> **INPUT MATERIAL**:
Lemma greedy_step C x0 : (forall x, In x C -> valid x) ->
  argmax tval C = Some x0 -> greedy C = x0 :: greedy (survivors x0 C).
Proof.
  intros Hv Harg. pose proof (argmax_spec tval C) as Hs. rewrite Harg in Hs.
  pose proof (survivors_shorter x0 C (proj1 Hs) (Hv x0 (proj1 Hs))) as Hlt.
  unfold greedy at 1. destruct C as [|c C']; [destruct Hs as [[] _]|].
  simpl length. rewrite nonrec_fuel_S, Harg. f_equal.
  apply nonrec_fuel_irrelevant; [|cbn [length] in Hlt; lia|lia].
  intros x Hx. apply Hv, (incl_filter _ _ x Hx).
Qed.

Lemma greedy_merge n : forall C A B, (length C <= n)%nat -> wf C ->
  (forall x, In x C <-> In x A \/ In x B) -> separated A B ->
  forall x, In x (greedy C) <-> In x (greedy A) \/ In x (greedy B).
Proof.
  induction n as [|n IH]; intros C A B Hlen HC Hsplit Hsep.
  - destruct C; [|simpl in Hlen; lia].
    destruct A as [|a A]; [|exfalso; apply (proj2 (Hsplit a)); now left; left].
    destruct B as [|b B]; [|exfalso; apply (proj2 (Hsplit b)); now right; left].
    simpl; tauto.
  - pose proof (argmax_spec tval C) as Hs.
    destruct (argmax tval C) as [x0|] eqn:Harg.
    (* no pick at all: C is empty, which the smaller bound already covers *)
    2:{ apply IH; [subst; simpl; lia | assumption..]. }
    destruct Hs as [Hx0 Hmax].
    (* The first pick on C is the first pick on whichever list contains it;
       the other list is untouched by that pick. *)
    assert (Hcase : forall A B, (forall x, In x C <-> In x A \/ In x B) ->
              separated A B -> In x0 A ->
              forall x, In x (greedy C) <-> In x (greedy A) \/ In x (greedy B)).
    { clear A B Hsplit Hsep. intros A B Hsplit Hsep HA x.
      assert (HAC : incl A C) by (intros y Hy; apply Hsplit; now left).
      assert (HargA : argmax tval A = Some x0).
      { apply argmax_unique; auto.
        intros y z Hy Hz; apply (proj2 HC); auto. }
      rewrite (greedy_step C x0 (proj1 HC) Harg).
      rewrite (greedy_step A x0 (fun y Hy => proj1 HC y (HAC y Hy)) HargA).
      simpl. rewrite (IH (survivors x0 C) (survivors x0 A) B); [tauto| | | |].
      + pose proof (survivors_shorter x0 C Hx0 (proj1 HC x0 Hx0)). lia.
      + exact (wf_incl C _ (incl_filter _ _) HC).
      + intros y. unfold survivors. rewrite !filter_In, Hsplit.
        split; [intros [[Hy|Hy] Hk]; auto|].
        intros [[Hy Hk]|Hy]; [auto|]. split; [now right|].
        now rewrite (proj1 (Hsep x0 y HA Hy)).
      + intros a b Ha Hb. apply Hsep; [apply (incl_filter _ _ a Ha) | exact Hb]. }
    apply Hsplit in Hx0 as [HA|HB]; [now apply Hcase|].
    intros x. rewrite or_comm. apply Hcase; auto using separated_sym.
    intros y. rewrite Hsplit. tauto.
Qed.

Section WBSvsGreedy.
Variables (X : nat -> R) (M : nat) (s e : nat -> nat).
Hypothesis Hse : forall m, (1 <= m <= M)%nat -> (s m < e m)%nat.
Hypothesis Hnoties : forall m1 b1 m2 b2,
  (1 <= m1 <= M)%nat -> (s m1 <= b1 < e m1)%nat ->
  (1 <= m2 <= M)%nat -> (s m2 <= b2 < e m2)%nat ->
  (m1, b1) <> (m2, b2) ->
  acusum X (s m1) (e m1) b1 <> acusum X (s m2) (e m2) b2.

Definition score (p : nat * nat) : R := acusum X (s (fst p)) (e (fst p)) (snd p).

Lemma bm_spec m : (1 <= m <= M)%nat ->
  (s m <= bm X s e m < e m)%nat /\
  forall b, (s m <= b < e m)%nat -> score (m, b) <= score (m, bm X s e m).
Proof.
  intros Hm. pose proof (Hse m Hm) as Hlt. unfold bm.
  pose proof (argmax_spec (fun b => acusum X (s m) (e m) b) (seq (s m) (e m - s m))) as Hs.
  destruct (argmax _ _) as [b|].
  - destruct Hs as [Hb Hmax]. apply in_seq in Hb. split; [lia|].
    intros b' Hb'. apply Hmax, in_seq. simpl. lia.
  - apply (f_equal (@length nat)) in Hs. rewrite length_seq in Hs. simpl in Hs. lia.
Qed.

Lemma cands_in a c m b : In (m, b) (cands M s e a c) <->
  (1 <= m <= M)%nat /\ (a <= s m)%nat /\ (e m <= c)%nat /\ (s m <= b < e m)%nat.
Proof.
  unfold cands. rewrite in_flat_map. split.
  - intros [m' [Hm' Hin]]. apply in_seq in Hm'.
    destruct (Nat.leb_spec a (s m')), (Nat.leb_spec (e m') c);
      simpl in Hin; try contradiction.
    apply in_map_iff in Hin as [b' [Heq Hb']]. injection Heq as -> ->.
    apply in_seq in Hb'. lia.
  - intros (Hm & Ha & Hc & Hb). exists m. split; [apply in_seq; lia|].
    destruct (Nat.leb_spec a (s m)), (Nat.leb_spec (e m) c); try lia.
    apply in_map_iff. exists b. split; [reflexivity | apply in_seq; lia].
Qed.

Lemma C0_in x : In x (C0 X M s e) <->
  exists m, (1 <= m <= M)%nat /\ x = mk_tuple X s e m (bm X s e m).
Proof.
  unfold C0. rewrite in_map_iff. split.
  - intros [m [<- Hm]]. apply in_seq in Hm. exists m. split; [lia | reflexivity].
  - intros [m [Hm ->]]. exists m. split; [reflexivity | apply in_seq; lia].
Qed.

(* The initial candidate list is well formed: this is where "no ties" is used. *)
Lemma C0_wf : wf (C0 X M s e).
Proof.
  split.
  - intros x Hx. apply C0_in in Hx as [m [Hm ->]].
    apply bm_spec in Hm. unfold valid; simpl. lia.
  - intros x y Hx Hy Hval.
    apply C0_in in Hx as [m1 [Hm1 ->]]. apply C0_in in Hy as [m2 [Hm2 ->]].
    destruct (Nat.eq_dec m1 m2) as [->|Hne]; [reflexivity|]. exfalso.
    apply (Hnoties m1 (bm X s e m1) m2 (bm X s e m2)); try apply bm_spec; auto.
    intros Heq. injection Heq as Heq _. contradiction.
Qed.

Definition Cset (a c : nat) : list tuple :=
  filter (fun x => ((a <=? ts x) && (te x <=? c))%nat) (C0 X M s e).

Lemma Cset_in a c x : In x (Cset a c) <->
  In x (C0 X M s e) /\ (a <= ts x)%nat /\ (te x <= c)%nat.
Proof.
  unfold Cset. rewrite filter_In, andb_true_iff, Nat.leb_le, Nat.leb_le. reflexivity.
Qed.

Lemma Cset_wf a c : wf (Cset a c).
Proof. apply (wf_incl _ _ (incl_filter _ _) C0_wf). Qed.

Lemma Cset_nil a c :
  (forall m, (1 <= m <= M)%nat -> (a <= s m)%nat -> (e m <= c)%nat -> False) ->
  Cset a c = [].
Proof.
  intros Hnone. destruct (Cset a c) as [|y l] eqn:E; [reflexivity|]. exfalso.
  assert (Hy : In y (Cset a c)) by (rewrite E; now left).
  apply Cset_in in Hy as [Hy [Ha Hc]]. apply C0_in in Hy as [m [Hm ->]].
  exact (Hnone m Hm Ha Hc).
Qed.

Lemma Cset_full a c : (forall m, (1 <= m <= M)%nat -> (a <= s m)%nat /\ (e m <= c)%nat) ->
  Cset a c = C0 X M s e.
Proof.
  intros Hall. apply forallb_filter_id, forallb_forall. intros x Hx.
  apply C0_in in Hx as [m [Hm ->]]. apply andb_true_iff. simpl.
  rewrite !Nat.leb_le. apply Hall, Hm.
Qed.

Lemma Cset_cut a b c x0 : tb x0 = b -> (a <= b <= c)%nat ->
  forall y, In y (survivors x0 (Cset a c)) <-> In y (Cset a b) \/ In y (Cset (S b) c).
Proof.
  intros Hb Habc y. unfold survivors. rewrite filter_In, !Cset_in.
  unfold kills. rewrite Hb, negb_true_iff, andb_false_iff, Nat.leb_gt, Nat.ltb_ge.
  split.
  - intros [[Hy [Ha Hc]] Hk].
    pose proof (proj1 C0_wf y Hy) as Hv; unfold valid in Hv.
    destruct Hk; [right | left]; repeat split; auto; lia.
  - intros [[Hy [Ha Hc]] | [Hy [Ha Hc]]];
      pose proof (proj1 C0_wf y Hy) as Hv; unfold valid in Hv;
      repeat split; auto; lia.
Qed.

Lemma Cset_separated a b c : separated (Cset a b) (Cset (S b) c).
Proof.
  intros u v Hu Hv. apply Cset_in in Hu as [Hu [_ Hub]]. apply Cset_in in Hv as [Hv [Hvb _]].
  pose proof (proj1 C0_wf u Hu) as Vu. pose proof (proj1 C0_wf v Hv) as Vv.
  unfold valid in Vu, Vv. unfold kills.
  rewrite !andb_false_iff, !Nat.leb_gt, !Nat.ltb_ge. split; [left | right]; lia.
Qed.

Lemma top_candidate a c m0 b0 : argmax score (cands M s e a c) = Some (m0, b0) ->
  (a <= s m0)%nat /\ (e m0 <= c)%nat /\ (s m0 <= b0 < e m0)%nat /\
  argmax tval (Cset a c) = Some (mk_tuple X s e m0 b0).
Proof.
  intros Harg. pose proof (argmax_spec score (cands M s e a c)) as Hs.
  rewrite Harg in Hs. destruct Hs as [Hin Hmax].
  apply cands_in in Hin as (Hm0 & Ha0 & Hc0 & Hb0range).
  assert (Hbest : forall m, (1 <= m <= M)%nat -> (a <= s m)%nat -> (e m <= c)%nat ->
                  score (m, bm X s e m) <= score (m0, b0)).
  { intros m Hm Ha Hc. apply Hmax, cands_in. pose proof (bm_spec m Hm). lia. }
  assert (Hb0 : b0 = bm X s e m0).
  { destruct (bm_spec m0 Hm0) as [Hbm Hbm_max].
    destruct (Nat.eq_dec b0 (bm X s e m0)) as [|Hne]; [assumption|]. exfalso.
    apply (Hnoties m0 b0 m0 (bm X s e m0)); auto.
    - intros Heq. injection Heq as Heq. contradiction.
    - apply Rle_antisym; [apply Hbm_max; lia | apply Hbest; auto]. }
  repeat split; auto; try lia.
  apply argmax_unique; [apply Cset_wf | |].
  - apply Cset_in. split; [apply C0_in; exists m0; subst; auto | simpl; lia].
  - intros y Hy. apply Cset_in in Hy as [Hy [Ha Hc]].
    apply C0_in in Hy as [m [Hm ->]]. apply Hbest; auto.
Qed.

> **WHAT THE TASK ASKS**:
Check each line of the data for "right". Copy the lines where it turns up.

> **RESPONSE**:
    destruct B as [|b B]; [|exfalso; apply (proj2 (Hsplit b)); now right; left].
        intros [[Hy Hk]|Hy]; [auto|]. split; [now right|].
    destruct Hk; [right | left]; repeat split; auto; lia.
  rewrite !andb_false_iff, !Nat.leb_gt, !Nat.ltb_ge. split; [left | right]; lia.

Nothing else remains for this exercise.